(* Let $G_1,G_2$ be nondeterministic automata ($G_i=\langle\Sigma_{i,\tau},Q_i,\rightarrow_i,Q_i^0\rangle$) with secret states $Q_i^S\subseteq Q_i$, and equip $G_1\|G_2$ with secret states $\{(x_1,x_2)\mid x_1\in Q_1^S\text{ or }x_2\in Q_2^S\}$; assume $UR(Q_i^0)\not\subseteq Q_i^S$ for $i=1,2$. For $i=1,2$, let $\sim_o$ be an opaque observation equivalence on $G_i$ with quotient $\tilde G_i$ (secret states $\{[x]\mid x\in Q_i^S\}$), let $H_{i,ob}$ be the quotient of $det(\tilde G_i)$ modulo an opaque bisimulation, $H_{i,b}$ the quotient of $det(\tilde G_i)$ modulo a bisimulation, and $H_{i,obd}$ the desired observer of $H_{i,ob}$ (delete classes $[X]$ with $X$ consisting only of secret states, keep reachable part). Let $T'_i=TPO(H_{i,obd},H_{i,b})$, let $G_i^T$ be the transformed automaton of $T'_i$, let $T=TPO(det_d(G_1\|G_2),det(G_1\|G_2))$ be the largest monolithic three-player observer w.r.t. $G_1\|G_2$, and let $\rho$ be the renaming map. Then for every string $s$ defined from the initial state of $G_1^T\|G_2^T$, the string $\rho(s)$ labels a path from the initial state of $T$.
   Context: Automata: a (nondeterministic) automaton $G=\langle\Sigma_\tau,Q,\rightarrow,Q^0\rangle$ has finite observable alphabet $\Sigma$, special unobservable symbol $\tau$, $\Sigma_\tau=\Sigma\cup\{\tau\}$, $\rightarrow\subseteq Q\times\Sigma_\tau\times Q$, initial states $Q^0$. Deterministic: one initial state, no $\tau$-transitions, functional. $p\overset{s}{\Rightarrow}q$ ($s\in\Sigma^*$): a path from $p$ to $q$ whose labels with $\tau$'s deleted spell $s$. $UR(B)=\{q\mid b\overset{\varepsilon}{\Rightarrow}q,\ b\in B\}$. Observer $det(G)$: deterministic over $\Sigma$, initial state $UR(Q^0)$, $X\xrightarrow{\sigma}Y$ iff $Y=UR(\{y\mid x\xrightarrow{\sigma}y,\ x\in X\})\ne\emptyset$, reachable part. Desired observer $det_d(G)$: $det(G)$ with every state $X\subseteq Q^S$ deleted, reachable part kept. Quotient modulo equivalence $\sim$: classes as states, $[x]\xrightarrow{\sigma}[y]$ iff $x'\xrightarrow{\sigma}y'$ for some $x'\in[x],y'\in[y]$, classes of initial states initial. Bisimulation: equivalence $\approx$ with $x_1\approx x_2$, $x_1\xrightarrow{\sigma}y_1$ implying $x_2\xrightarrow{\sigma}y_2$ for some $y_2\approx y_1$. Opaque observation equivalence on $G$: equivalence $\sim_o$ on $Q$ such that $x_1\sim_o x_2$ implies (i) whenever $x_1\overset{s}{\Rightarrow}y_1$ there is $y_2\sim_o y_1$ with $x_2\overset{s}{\Rightarrow}y_2$, and (ii) $x_1\in Q^S\iff x_2\in Q^S$. Opaque bisimulation on $det(G)$: equivalence $\approx_o$ on its states with $X_1\approx_o X_2$ implying (i) whenever $X_1\xrightarrow{s}Y_1$ there is $Y_2\approx_o Y_1$ with $X_2\xrightarrow{s}Y_2$, and (ii) $X_1\subseteq Q^S\iff X_2\subseteq Q^S$. Synchronous composition of $A_1$ (alphabet $\Sigma_1$) and $A_2$ (alphabet $\Sigma_2$): states $Q_1\times Q_2$, initial $Q_1^0\times Q_2^0$, marked $Q_1^m\times Q_2^m$; shared events ($\Sigma_1\cap\Sigma_2$) move both components, events in $(\Sigma_1\setminus\Sigma_2)\cup\{\tau\}$ move only the first, events in $(\Sigma_2\setminus\Sigma_1)\cup\{\tau\}$ move only the second. Largest three-player observer $TPO(D,F)$ for deterministic $D=\langle\Sigma,X_D,\rightarrow_D,d_0\rangle$, $F=\langle\Sigma,X_F,\rightarrow_F,f_0\rangle$: with fresh symbol $\epsilon$ and fresh erasure symbols $\Sigma^r=\{\sigma\to\epsilon\mid\sigma\in\Sigma\}$, states are $Y$-states $(d,f)$, $Z$-states $Z((d,f),e)$ ($e\in\Sigma$, its observable component), $W$-states $W((d,f),a)$ ($a\in\Sigma\cup\Sigma^r$, its action component); initial state $(d_0,f_0)$; only reachable states; transitions exactly: (1) $(d,f)\xrightarrow{e}Z((d,f),e)$ if $e$ defined at $f$ in $F$; (2) $Z((d,f),e)\xrightarrow{\theta}Z((d',f),e)$ for $\theta\in\Sigma$ if $d\xrightarrow{\theta}_Dd'$; (3) $Z((d,f),e)\xrightarrow{\epsilon}W((d,f),e)$ if $e$ defined at $d$ in $D$ and at $f$ in $F$; (4) $Z((d,f),e)\xrightarrow{e\to\epsilon}W((d,f),e\to\epsilon)$ if $e$ defined at $f$ in $F$; (5) $W((d,f),e)\xrightarrow{e}(d',f')$ with $d\xrightarrow{e}_Dd'$, $f\xrightarrow{e}_Ff'$; (6) $W((d,f),e\to\epsilon)\xrightarrow{e}(d,f')$ with $f\xrightarrow{e}_Ff'$. Transformed automaton: for a TPO $T_i$ over alphabet $\Sigma_i$ and the other index $j$, introduce fresh formal symbols $\theta_e$ and $\sigma_{a,w}$ (all distinct from each other and from events). Let $E_i$ be the set of observable components of $Z$-states of $T_i$ and $A_i$ the set of action components of its $W$-states. $G_i^T$ is the deterministic automaton with the states of $T_i$, initial state the initial $Y$-state, marked states all $Y$-states, and transitions: (a) $y\xrightarrow{e}z$ for each transition $y\xrightarrow{e}z$ of $T_i$ out of a $Y$-state; (b) $z\xrightarrow{\theta_e}q$ for each transition $z\xrightarrow{\theta}q$ of $T_i$ out of a $Z$-state $z$ with observable component $e$; (c) $w\xrightarrow{e_{a,w}}y$ for each transition $w\xrightarrow{e}y$ of $T_i$ out of a $W$-state with action component $a$; (d) a self-loop $y\xrightarrow{\alpha}y$ at every $Y$-state for every $\alpha\in\Sigma_j\setminus\Sigma_i$. Its alphabet is $\Sigma_{G_i^T}=\Sigma_i\cup(\Sigma_j\setminus\Sigma_i)\cup\{\theta_e\mid\theta\in\Sigma_i\cup\{\epsilon\}\cup\Sigma_i^r,\ e\in E_i\}\cup\{\sigma_{a,w}\mid\sigma\in\Sigma_i,\ a\in A_i\}\cup\{\beta_\alpha,\beta_{\alpha,w},\beta_{\alpha\to\epsilon,w}\mid\beta\in\Sigma_i\cap\Sigma_j,\ \alpha\in\Sigma_j\setminus\Sigma_i\}$. Renaming: $\rho(e)=e$ for events, $\rho(\theta_e)=\theta$, $\rho(\sigma_{a,w})=\sigma$, extended letter-by-letter to strings. *)

From mathcomp Require Import ssreflect ssrfun ssrbool eqtype ssrnat seq choice fintype.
-.-.-
## Your assignment:
Type out the material again exactly as presented.

## Finished task:
(* Let $G_1,G_2$ be nondeterministic automata ($G_i=\langle\Sigma_{i,\tau},Q_i,\rightarrow_i,Q_i^0\rangle$) with secret states $Q_i^S\subseteq Q_i$, and equip $G_1\|G_2$ with secret states $\{(x_1,x_2)\mid x_1\in Q_1^S\text{ or }x_2\in Q_2^S\}$; assume $UR(Q_i^0)\not\subseteq Q_i^S$ for $i=1,2$. For $i=1,2$, let $\sim_o$ be an opaque observation equivalence on $G_i$ with quotient $\tilde G_i$ (secret states $\{[x]\mid x\in Q_i^S\}$), let $H_{i,ob}$ be the quotient of $det(\tilde G_i)$ modulo an opaque bisimulation, $H_{i,b}$ the quotient of $det(\tilde G_i)$ modulo a bisimulation, and $H_{i,obd}$ the desired observer of $H_{i,ob}$ (delete classes $[X]$ with $X$ consisting only of secret states, keep reachable part). Let $T'_i=TPO(H_{i,obd},H_{i,b})$, let $G_i^T$ be the transformed automaton of $T'_i$, let $T=TPO(det_d(G_1\|G_2),det(G_1\|G_2))$ be the largest monolithic three-player observer w.r.t. $G_1\|G_2$, and let $\rho$ be the renaming map. Then for every string $s$ defined from the initial state of $G_1^T\|G_2^T$, the string $\rho(s)$ labels a path from the initial state of $T$.
   Context: Automata: a (nondeterministic) automaton $G=\langle\Sigma_\tau,Q,\rightarrow,Q^0\rangle$ has finite observable alphabet $\Sigma$, special unobservable symbol $\tau$, $\Sigma_\tau=\Sigma\cup\{\tau\}$, $\rightarrow\subseteq Q\times\Sigma_\tau\times Q$, initial states $Q^0$. Deterministic: one initial state, no $\tau$-transitions, functional. $p\overset{s}{\Rightarrow}q$ ($s\in\Sigma^*$): a path from $p$ to $q$ whose labels with $\tau$'s deleted spell $s$. $UR(B)=\{q\mid b\overset{\varepsilon}{\Rightarrow}q,\ b\in B\}$. Observer $det(G)$: deterministic over $\Sigma$, initial state $UR(Q^0)$, $X\xrightarrow{\sigma}Y$ iff $Y=UR(\{y\mid x\xrightarrow{\sigma}y,\ x\in X\})\ne\emptyset$, reachable part. Desired observer $det_d(G)$: $det(G)$ with every state $X\subseteq Q^S$ deleted, reachable part kept. Quotient modulo equivalence $\sim$: classes as states, $[x]\xrightarrow{\sigma}[y]$ iff $x'\xrightarrow{\sigma}y'$ for some $x'\in[x],y'\in[y]$, classes of initial states initial. Bisimulation: equivalence $\approx$ with $x_1\approx x_2$, $x_1\xrightarrow{\sigma}y_1$ implying $x_2\xrightarrow{\sigma}y_2$ for some $y_2\approx y_1$. Opaque observation equivalence on $G$: equivalence $\sim_o$ on $Q$ such that $x_1\sim_o x_2$ implies (i) whenever $x_1\overset{s}{\Rightarrow}y_1$ there is $y_2\sim_o y_1$ with $x_2\overset{s}{\Rightarrow}y_2$, and (ii) $x_1\in Q^S\iff x_2\in Q^S$. Opaque bisimulation on $det(G)$: equivalence $\approx_o$ on its states with $X_1\approx_o X_2$ implying (i) whenever $X_1\xrightarrow{s}Y_1$ there is $Y_2\approx_o Y_1$ with $X_2\xrightarrow{s}Y_2$, and (ii) $X_1\subseteq Q^S\iff X_2\subseteq Q^S$. Synchronous composition of $A_1$ (alphabet $\Sigma_1$) and $A_2$ (alphabet $\Sigma_2$): states $Q_1\times Q_2$, initial $Q_1^0\times Q_2^0$, marked $Q_1^m\times Q_2^m$; shared events ($\Sigma_1\cap\Sigma_2$) move both components, events in $(\Sigma_1\setminus\Sigma_2)\cup\{\tau\}$ move only the first, events in $(\Sigma_2\setminus\Sigma_1)\cup\{\tau\}$ move only the second. Largest three-player observer $TPO(D,F)$ for deterministic $D=\langle\Sigma,X_D,\rightarrow_D,d_0\rangle$, $F=\langle\Sigma,X_F,\rightarrow_F,f_0\rangle$: with fresh symbol $\epsilon$ and fresh erasure symbols $\Sigma^r=\{\sigma\to\epsilon\mid\sigma\in\Sigma\}$, states are $Y$-states $(d,f)$, $Z$-states $Z((d,f),e)$ ($e\in\Sigma$, its observable component), $W$-states $W((d,f),a)$ ($a\in\Sigma\cup\Sigma^r$, its action component); initial state $(d_0,f_0)$; only reachable states; transitions exactly: (1) $(d,f)\xrightarrow{e}Z((d,f),e)$ if $e$ defined at $f$ in $F$; (2) $Z((d,f),e)\xrightarrow{\theta}Z((d',f),e)$ for $\theta\in\Sigma$ if $d\xrightarrow{\theta}_Dd'$; (3) $Z((d,f),e)\xrightarrow{\epsilon}W((d,f),e)$ if $e$ defined at $d$ in $D$ and at $f$ in $F$; (4) $Z((d,f),e)\xrightarrow{e\to\epsilon}W((d,f),e\to\epsilon)$ if $e$ defined at $f$ in $F$; (5) $W((d,f),e)\xrightarrow{e}(d',f')$ with $d\xrightarrow{e}_Dd'$, $f\xrightarrow{e}_Ff'$; (6) $W((d,f),e\to\epsilon)\xrightarrow{e}(d,f')$ with $f\xrightarrow{e}_Ff'$. Transformed automaton: for a TPO $T_i$ over alphabet $\Sigma_i$ and the other index $j$, introduce fresh formal symbols $\theta_e$ and $\sigma_{a,w}$ (all distinct from each other and from events). Let $E_i$ be the set of observable components of $Z$-states of $T_i$ and $A_i$ the set of action components of its $W$-states. $G_i^T$ is the deterministic automaton with the states of $T_i$, initial state the initial $Y$-state, marked states all $Y$-states, and transitions: (a) $y\xrightarrow{e}z$ for each transition $y\xrightarrow{e}z$ of $T_i$ out of a $Y$-state; (b) $z\xrightarrow{\theta_e}q$ for each transition $z\xrightarrow{\theta}q$ of $T_i$ out of a $Z$-state $z$ with observable component $e$; (c) $w\xrightarrow{e_{a,w}}y$ for each transition $w\xrightarrow{e}y$ of $T_i$ out of a $W$-state with action component $a$; (d) a self-loop $y\xrightarrow{\alpha}y$ at every $Y$-state for every $\alpha\in\Sigma_j\setminus\Sigma_i$. Its alphabet is $\Sigma_{G_i^T}=\Sigma_i\cup(\Sigma_j\setminus\Sigma_i)\cup\{\theta_e\mid\theta\in\Sigma_i\cup\{\epsilon\}\cup\Sigma_i^r,\ e\in E_i\}\cup\{\sigma_{a,w}\mid\sigma\in\Sigma_i,\ a\in A_i\}\cup\{\beta_\alpha,\beta_{\alpha,w},\beta_{\alpha\to\epsilon,w}\mid\beta\in\Sigma_i\cap\Sigma_j,\ \alpha\in\Sigma_j\setminus\Sigma_i\}$. Renaming: $\rho(e)=e$ for events, $\rho(\theta_e)=\theta$, $\rho(\sigma_{a,w})=\sigma$, extended letter-by-letter to strings. *)

From mathcomp Require Import ssreflect ssrfun ssrbool eqtype ssrnat seq choice fintype.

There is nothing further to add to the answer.